Description of the task
Look for the word "exists" in the entries and copy every line where it shows up.

################

(* Let $S$ and $T$ be ordered trees and let $e\colon S\to T$ be an embedding. Then there exists a rigid surjection $f\colon T\to S$ such that $e$ is the injection of $f$.
   Context: A tree is a finite, non-empty partially ordered set $(T,\sqsubseteq_T)$ with a smallest element (the root) such that the set of predecessors of each element is linearly ordered; each node counts as its own predecessor and successor. For $v,w\in T$, $v\wedge_T w$ is the $\sqsubseteq_T$-largest common predecessor of $v$ and $w$. A tree is ordered if the set of immediate successors of each node carries a fixed linear order; this induces the lexicographic linear order $\leq_T$ on $T$: $v\leq_T w$ if $v\sqsubseteq_T w$, and for $\sqsubseteq_T$-incomparable $v,w$, $v\leq_T w$ iff the immediate successor of $v\wedge_T w$ below $v$ precedes the one below $w$. A morphism $e\colon S\to T$ of ordered trees satisfies $e(v\wedge_S w)=e(v)\wedge_T e(w)$, is monotone from $\leq_S$ to $\leq_T$, and maps root to root; an embedding is an injective morphism. A function $f\colon T\to S$ is a rigid surjection if there is a morphism $e\colon S\to T$ with $f\circ e={\rm id}_S$ and $e(f(w))\sqsubseteq_T w$ for all $w\in T$; such $e$ is unique and is called the injection of $f$. *)

From mathcomp Require Import all_boot.
Set Implicit Arguments. Unset Strict Implicit. Unset Printing Implicit Defensive.

Definition tree_axioms (T : finType) (le : rel T) (r : T) : Prop :=
  [/\ reflexive le, antisymmetric le, transitive le,
      (forall v, le r v) &
      (forall v x y, le x v -> le y v -> le x y || le y x)].

Definition imm_succ (T : finType) (le : rel T) (v w : T) : bool :=
  [&& le v w, v != w &
      [forall u, (le v u && le u w) ==> ((u == v) || (u == w))]].

Definition sibling_order_axioms (T : finType) (le : rel T) (sib : rel T) : Prop :=
  forall v x y z, imm_succ le v x -> imm_succ le v y -> imm_succ le v z ->
    [/\ sib x x, (sib x y -> sib y x -> x = y),
        (sib x y -> sib y z -> sib x z) & (sib x y || sib y x)].

Record otree := OTree {
  ocar :> finType;
  ole : rel ocar;
  oroot : ocar;
  osib : rel ocar;
  otree_ax : tree_axioms ole oroot;
  osib_ax : sibling_order_axioms ole osib
}.

Section OTreeOps.
Variable T : otree.

Definition is_meet (v w m : T) : bool :=
  [&& ole m v, ole m w & [forall u, (ole u v && ole u w) ==> ole u m]].

Definition omeet (v w : T) : T :=
  if [pick m | is_meet v w m] is Some m then m else oroot T.

Definition olex (v w : T) : bool :=
  ole v w ||
  [&& ~~ ole v w, ~~ ole w v &
      [exists c, exists d,
         [&& imm_succ (@ole T) (omeet v w) c, imm_succ (@ole T) (omeet v w) d,
             ole c v, ole d w & osib c d]]].
End OTreeOps.

Definition otree_morphism (S T : otree) (e : S -> T) : Prop :=
  [/\ (forall v w, e (omeet v w) = omeet (e v) (e w)),
      (forall v w, olex v w -> olex (e v) (e w)) &
      e (oroot S) = oroot T].

Definition otree_embedding (S T : otree) (e : S -> T) : Prop :=
  otree_morphism e /\ injective e.

Definition injection_of (S T : otree) (f : T -> S) (e : S -> T) : Prop :=
  [/\ otree_morphism e, (forall s, f (e s) = s) & (forall w, ole (e (f w)) w)].

Definition rigid_surjection (S T : otree) (f : T -> S) : Prop :=
  exists e : S -> T, injection_of f e.

From mathcomp Require Import all_boot.
Set Implicit Arguments. Unset Strict Implicit. Unset Printing Implicit Defensive.

(* The predecessors of any node form a chain, so the nodes of the image e(S)
   lying below w form a chain containing the root; f(w) is the node of S whose
   image is the top of that chain, found as the one of maximal depth. Then
   e (f w) ⊑ w by construction, and f (e s) = s because e s itself is the top
   of the chain below e s. *)

Section TreeDepth.

Variables (T : finType) (le : rel T) (r : T).
Hypothesis treeT : tree_axioms le r.

Definition depth (v : T) : nat := #|[pred u | le u v]|.

Lemma depth_le_eq (u v : T) : le u v -> depth v <= depth u -> u = v.
Proof.
have [refl _ trans _ _] := treeT; move=> le_uv depth_vu.
have sub : [pred x | le x u] \subset [pred x | le x v].
  by apply/subsetP => x; rewrite !inE => le_xu; apply: trans le_uv.
have eq_depth : depth u = depth v by apply/eqP; rewrite eqn_leq subset_leq_card.
have /(_ v) := subset_cardP eq_depth sub; rewrite !inE refl => le_vu.
by have [_ antisym _ _ _] := treeT; apply: antisym; rewrite le_uv le_vu.
Qed.

Variables (I : finType) (g : I -> T) (i0 : I) (w : T).
Hypothesis le_g_i0 : le (g i0) w.

Definition deepest_below : I := [arg max_(i > i0 | le (g i) w) depth (g i)].

Lemma deepest_below_le : le (g deepest_below) w.
Proof. by rewrite /deepest_below; case: arg_maxnP. Qed.

Lemma le_deepest_below (j : I) : le (g j) w -> le (g j) (g deepest_below).
Proof.
rewrite /deepest_below; case: arg_maxnP => // i le_iw i_max le_jw.
have [refl _ _ _ chain] := treeT.
have /orP [//|le_ij] := chain _ _ _ le_jw le_iw.
by rewrite -(depth_le_eq le_ij (i_max j le_jw)) refl.
Qed.

End TreeDepth.

Definition retraction (S T : otree) (e : S -> T) (w : T) : S :=
  deepest_below (@ole T) e (oroot S) w.

Lemma retraction_injection (S T : otree) (e : S -> T) :
  otree_embedding e -> injection_of (retraction e) e.
Proof.
move=> [emorph e_inj]; have [_ _ e_root] := emorph.
have treeT := otree_ax T; have [refl antisym _ le_root _] := treeT.
have below w : ole (e (oroot S)) w by rewrite e_root le_root.
split => // [s | w]; last exact: deepest_below_le (below w).
apply: e_inj; apply: antisym.
rewrite /retraction deepest_below_le //=; exact: (le_deepest_below treeT).
Qed.

Theorem lemma2p3 (S T : otree) (e : S -> T) :
  otree_embedding e ->
  exists f : T -> S, rigid_surjection f /\ injection_of f e.
Proof.
move=> e_emb; have inj := retraction_injection e_emb.
by exists (retraction e); split => //; exists e.
Qed.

################

Solution to the problem
(* Let $S$ and $T$ be ordered trees and let $e\colon S\to T$ be an embedding. Then there exists a rigid surjection $f\colon T\to S$ such that $e$ is the injection of $f$.
      [exists c, exists d,
  exists e : S -> T, injection_of f e.
  exists f : T -> S, rigid_surjection f /\ injection_of f e.
by exists (retraction e); split => //; exists e.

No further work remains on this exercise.